(* Let $n\geq 2$ and let $B$ be a subgroup of $P\Sigma_n$. If the homomorphism $\tau_1^{(B)}:gr^1(B)=B^{ab}\to IA_n^{ab}$ (induced by the inclusion $B\subseteq IA_n$) is injective, then $\mathcal{A}_n(2)\cap B=\Gamma_2(B)$.
   Context: $F_n$ is the free group on $x_1,\dots,x_n$; $\Gamma_k$ denotes the lower central series ($\Gamma_1(G)=G$, $\Gamma_{k+1}(G)=(\Gamma_k(G),G)$), and $\mathcal{A}_n(k)=\{\phi\in\mathrm{Aut}(F_n): g^{-1}\phi(g)\in\Gamma_{k+1}(F_n)\ \forall g\in F_n\}$; $IA_n=\mathcal{A}_n(1)$. $P\Sigma_n$ (the McCool group) is the subgroup of $\mathrm{Aut}(F_n)$ generated by the automorphisms $\xi_{i,j}$, $1\leq i\neq j\leq n$, where $\xi_{i,j}(x_i)=x_j^{-1}x_ix_j$ and $\xi_{i,j}(x_l)=x_l$ for $l\neq i$. The map $\tau_1^{(B)}$ is the composition $gr^1(B)\to (B\cap\mathcal{A}_n(1))/(B\cap\mathcal{A}_n(2))\hookrightarrow \mathcal{A}_n(1)/\mathcal{A}_n(2)=IA_n^{ab}$. *)

From mathcomp Require Import all_boot.
Set Implicit Arguments. Unset Strict Implicit. Unset Printing Implicit Defensive.

Section FreeGroup.
Variable n : nat.

(* a letter (i, false) is x_i, (i, true) is x_i^{-1} *)
Definition letter := ('I_n * bool)%type.
Definition word := seq letter.
Definition linv (a : letter) : letter := (a.1, ~~ a.2).

Fixpoint reducedb (w : word) : bool :=
  match w with
  | a :: ((b :: _) as w') => (b != linv a) && reducedb w'
  | _ => true
  end.

Definition ccons (a : letter) (w : word) : word :=
  if w is b :: w' then (if b == linv a then w' else a :: w) else [:: a].
Definition reduce (w : word) : word := foldr ccons [::] w.

Definition fone : word := [::].
Definition fmul (u v : word) : word := reduce (u ++ v).
Definition finv (u : word) : word := rev (map linv u).
Definition fcomm (g h : word) : word := fmul (fmul (finv g) (finv h)) (fmul g h).

Inductive fgen (S : word -> Prop) : word -> Prop :=
  | fgen_base w : S w -> fgen S w
  | fgen_one : fgen S fone
  | fgen_mul u v : fgen S u -> fgen S v -> fgen S (fmul u v)
  | fgen_inv u : fgen S u -> fgen S (finv u).

(* lcs k = Gamma_{k+1}(F_n); lcs 0 = F_n *)
Fixpoint lcs (k : nat) : word -> Prop :=
  match k with
  | 0 => fun w => reducedb w
  | k'.+1 => fgen (fun w => exists g h, lcs k' g /\ reducedb h /\ w = fcomm g h)
  end.
Definition Gamma (k : nat) := lcs k.-1.

Definition endo := {ffun 'I_n -> word}.
Definition lapp (phi : endo) (a : letter) : word :=
  if a.2 then finv (phi a.1) else phi a.1.
Definition app (phi : endo) (w : word) : word := reduce (flatten (map (lapp phi) w)).
Definition ecomp (phi psi : endo) : endo := [ffun i => app phi (psi i)].
Definition eid : endo := [ffun i => [:: (i, false)]].
Definition reduced_endo (phi : endo) := forall i, reducedb (phi i).
Definition is_inverse (psi phi : endo) :=
  reduced_endo psi /\ ecomp phi psi = eid /\ ecomp psi phi = eid.
Definition is_aut (phi : endo) := reduced_endo phi /\ exists psi, is_inverse psi phi.

Inductive agen (S : endo -> Prop) : endo -> Prop :=
  | agen_base phi : S phi -> agen S phi
  | agen_one : agen S eid
  | agen_comp phi psi : agen S phi -> agen S psi -> agen S (ecomp phi psi)
  | agen_inv phi psi : agen S phi -> is_inverse psi phi -> agen S psi.

Definition xi (i j : 'I_n) : endo :=
  [ffun l => if l == i then [:: (j, true); (i, false); (j, false)] else [:: (l, false)]].

Definition PSigma : endo -> Prop := agen (fun phi => exists i j, i != j /\ phi = xi i j).

Definition Andreadakis (k : nat) (phi : endo) :=
  is_aut phi /\ forall g, reducedb g -> Gamma k.+1 (fmul (finv g) (app phi g)).

Definition is_subgroup (B : endo -> Prop) :=
  B eid /\ (forall phi psi, B phi -> B psi -> B (ecomp phi psi)) /\
  (forall phi psi, B phi -> is_inverse psi phi -> B psi).

Definition DerivedSub (B : endo -> Prop) : endo -> Prop :=
  agen (fun chi => exists phi psi phi' psi',
          B phi /\ B psi /\ is_inverse phi' phi /\ is_inverse psi' psi /\
          chi = ecomp (ecomp phi' psi') (ecomp phi psi)).

(* injectivity of tau_1^(B) : B/Gamma_2(B) -> A_n(1)/A_n(2), phi Gamma_2(B) |-> phi A_n(2):
   phi A_n(2) = psi A_n(2) implies phi Gamma_2(B) = psi Gamma_2(B) *)
Definition tau1_injective (B : endo -> Prop) :=
  forall phi psi phi', B phi -> B psi -> is_inverse phi' phi ->
    Andreadakis 2 (ecomp phi' psi) -> DerivedSub B (ecomp phi' psi).

End FreeGroup.

(* An element of B in A_n(2) has trivial image under tau_1^(B), so injectivity puts it
   in Gamma_2(B).  Conversely B lies in the McCool group, hence (the xi_{i,j} being in
   IA_n) in A_n(1), and it suffices that [A_n(1), A_n(1)] is contained in A_n(2).  Write
   phi x = x a and psi x = x b with a, b in Gamma_2(F_n).  Since IA_n acts trivially on
   Gamma_2/Gamma_3 (commutator calculus on the generators [x, y] of Gamma_2), one gets
   phi (psi x) = x a b and psi (phi x) = x b a modulo Gamma_3, and a b = b a modulo
   Gamma_3; applying the inverses keeps the error term in Gamma_3. *)

From Pilot Require Import Defs.
From mathcomp Require Import all_boot.
From HB Require Import structures.
Set Implicit Arguments. Unset Strict Implicit. Unset Printing Implicit Defensive.

(* fingraph, exported by [all_boot], also defines [finv]. *)
Notation finv := Pilot.Defs.finv.

Section FreeReduction.
Variable n : nat.
Implicit Types (a b : letter n) (u v w : word n).

Lemma linvK : involutive (@linv n).
Proof. by case=> i b; rewrite /linv /= negbK. Qed.

Lemma reducedb_sorted w : reducedb w = sorted (fun a b => b != linv a) w.
Proof. by case: w => // a w; elim: w a => //= b w IHw a; rewrite IHw. Qed.

Lemma reducedb_behead a w : reducedb (a :: w) -> reducedb w.
Proof. by case: w => //= b w /andP[]. Qed.

Lemma reducedb_ccons a w : reducedb w -> reducedb (ccons a w).
Proof.
case: w => [|b w] //= Rw; case: ifP => [_|/negbT b_a]; first exact: reducedb_behead Rw.
by rewrite [reducedb _]/= b_a.
Qed.

Lemma reducedb_reduce w : reducedb (reduce w).
Proof. by elim: w => //= a w; apply: reducedb_ccons. Qed.

Lemma ccons_linv a w : reducedb w -> ccons a (ccons (linv a) w) = w.
Proof.
case: w => [|b w] Rw; first by rewrite /= eqxx.
rewrite {2}/ccons; case: ifP => [/eqP b_a|_]; last by rewrite /= eqxx.
subst b; case: w Rw => [|c w] /=; first by rewrite linvK.
by rewrite !linvK => /andP[/negbTE-> _].
Qed.

Lemma reduce_id w : reducedb w -> reduce w = w.
Proof.
elim: w => //= a w IHw Rw; rewrite IHw ?(reducedb_behead Rw) //.
by case: w Rw {IHw} => //= b w /andP[/negbTE-> _].
Qed.

Lemma reduce_cat u v : reduce (u ++ v) = foldr (@ccons n) (reduce v) u.
Proof. by rewrite /reduce foldr_cat. Qed.

Lemma foldr_ccons_reduce w u :
  reducedb w -> foldr (@ccons n) w (reduce u) = foldr (@ccons n) w u.
Proof.
move=> Rw; have Rfold v : reducedb (foldr (@ccons n) w v).
  by elim: v => //= a v; apply: reducedb_ccons.
elim: u => //= a u <-; have := reducedb_reduce u.
case: (reduce u) => [|b r] //= Rbr; case: ifP => [/eqP b_a|_] //=.
by rewrite b_a ccons_linv.
Qed.

Lemma reduce_catl u v : reduce (reduce u ++ v) = reduce (u ++ v).
Proof. by rewrite !reduce_cat foldr_ccons_reduce // reducedb_reduce. Qed.

Lemma reduce_catr u v : reduce (u ++ reduce v) = reduce (u ++ v).
Proof. by rewrite !reduce_cat reduce_id // reducedb_reduce. Qed.

Lemma finvK : involutive (@finv n).
Proof.
move=> u; rewrite /finv map_rev revK -map_comp map_id_in // => a _.
exact: linvK.
Qed.

Lemma reduce_cat_finv u v : reduce (u ++ finv u ++ v) = reduce v.
Proof.
rewrite catA reduce_cat; elim: u (reduce v) (reducedb_reduce v) => //= a u IHu w Rw.
rewrite /finv /= rev_cons -cats1 catA foldr_cat /= IHu ?ccons_linv //.
exact: reducedb_ccons.
Qed.

Lemma reduce_finv_cat u v : reduce (finv u ++ u ++ v) = reduce v.
Proof. by rewrite -{2}(finvK u) reduce_cat_finv. Qed.

Lemma reducedb_finv u : reducedb u -> reducedb (finv u).
Proof.
rewrite !reducedb_sorted /finv rev_sorted sorted_map; apply: sub_sorted => a b.
by rewrite /= linvK eq_sym.
Qed.

Lemma reduce_finv u : reduce (finv u) = finv (reduce u).
Proof.
rewrite -(reduce_finv_cat (reduce u) (finv u)) -reduce_catr reduce_catl.
rewrite -(cats0 (finv u)) reduce_cat_finv cats0 /=.
by rewrite reduce_id // reducedb_finv // reducedb_reduce.
Qed.

End FreeReduction.

Section Substitution.
Variable n : nat.
Implicit Types (phi psi : endo n) (a : letter n) (u v w : word n).

Definition expand phi w : word n := flatten (map (lapp phi) w).

Lemma expand_cat phi u v : expand phi (u ++ v) = expand phi u ++ expand phi v.
Proof. by rewrite /expand map_cat flatten_cat. Qed.

Lemma lapp_linv phi a : lapp phi (linv a) = finv (lapp phi a).
Proof. by case: a => i [] //; rewrite /lapp /= finvK. Qed.

Lemma expand_finv phi u : expand phi (finv u) = finv (expand phi u).
Proof.
rewrite /expand /finv map_flatten rev_flatten -!map_comp; congr flatten.
by rewrite map_rev -map_comp; congr rev; apply: eq_map => a /=; rewrite lapp_linv.
Qed.

Lemma app_cat phi u v : app phi (u ++ v) = fmul (app phi u) (app phi v).
Proof. by rewrite /app -/(expand _ _) expand_cat /fmul reduce_catl reduce_catr. Qed.

Lemma app_reduce phi w : app phi (reduce w) = app phi w.
Proof.
elim: w => //= a w IHw; rewrite -cat1s app_cat -IHw -app_cat.
case: (reduce w) => [|b r] //=; case: ifP => [/eqP->|_] //.
by rewrite /app /= lapp_linv reduce_cat_finv.
Qed.

Lemma app_fmul phi u v : app phi (fmul u v) = fmul (app phi u) (app phi v).
Proof. by rewrite app_reduce app_cat. Qed.

Lemma app_finv phi u : app phi (finv u) = finv (app phi u).
Proof. by rewrite /app -!/(expand _ _) expand_finv reduce_finv. Qed.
★ ★ ★
What to work on ▸
When the line with "is_aut phi /\" is reached in the data above, start copying there, and copy each line exactly until the line with "Implicit Types (a" has been copied; copy nothing else.

Solution below ▸
  is_aut phi /\ forall g, reducedb g -> Gamma k.+1 (fmul (finv g) (app phi g)).

Definition is_subgroup (B : endo -> Prop) :=
  B eid /\ (forall phi psi, B phi -> B psi -> B (ecomp phi psi)) /\
  (forall phi psi, B phi -> is_inverse psi phi -> B psi).

Definition DerivedSub (B : endo -> Prop) : endo -> Prop :=
  agen (fun chi => exists phi psi phi' psi',
          B phi /\ B psi /\ is_inverse phi' phi /\ is_inverse psi' psi /\
          chi = ecomp (ecomp phi' psi') (ecomp phi psi)).

(* injectivity of tau_1^(B) : B/Gamma_2(B) -> A_n(1)/A_n(2), phi Gamma_2(B) |-> phi A_n(2):
   phi A_n(2) = psi A_n(2) implies phi Gamma_2(B) = psi Gamma_2(B) *)
Definition tau1_injective (B : endo -> Prop) :=
  forall phi psi phi', B phi -> B psi -> is_inverse phi' phi ->
    Andreadakis 2 (ecomp phi' psi) -> DerivedSub B (ecomp phi' psi).

End FreeGroup.

(* An element of B in A_n(2) has trivial image under tau_1^(B), so injectivity puts it
   in Gamma_2(B).  Conversely B lies in the McCool group, hence (the xi_{i,j} being in
   IA_n) in A_n(1), and it suffices that [A_n(1), A_n(1)] is contained in A_n(2).  Write
   phi x = x a and psi x = x b with a, b in Gamma_2(F_n).  Since IA_n acts trivially on
   Gamma_2/Gamma_3 (commutator calculus on the generators [x, y] of Gamma_2), one gets
   phi (psi x) = x a b and psi (phi x) = x b a modulo Gamma_3, and a b = b a modulo
   Gamma_3; applying the inverses keeps the error term in Gamma_3. *)

From Pilot Require Import Defs.
From mathcomp Require Import all_boot.
From HB Require Import structures.
Set Implicit Arguments. Unset Strict Implicit. Unset Printing Implicit Defensive.

(* fingraph, exported by [all_boot], also defines [finv]. *)
Notation finv := Pilot.Defs.finv.

Section FreeReduction.
Variable n : nat.
Implicit Types (a b : letter n) (u v w : word n).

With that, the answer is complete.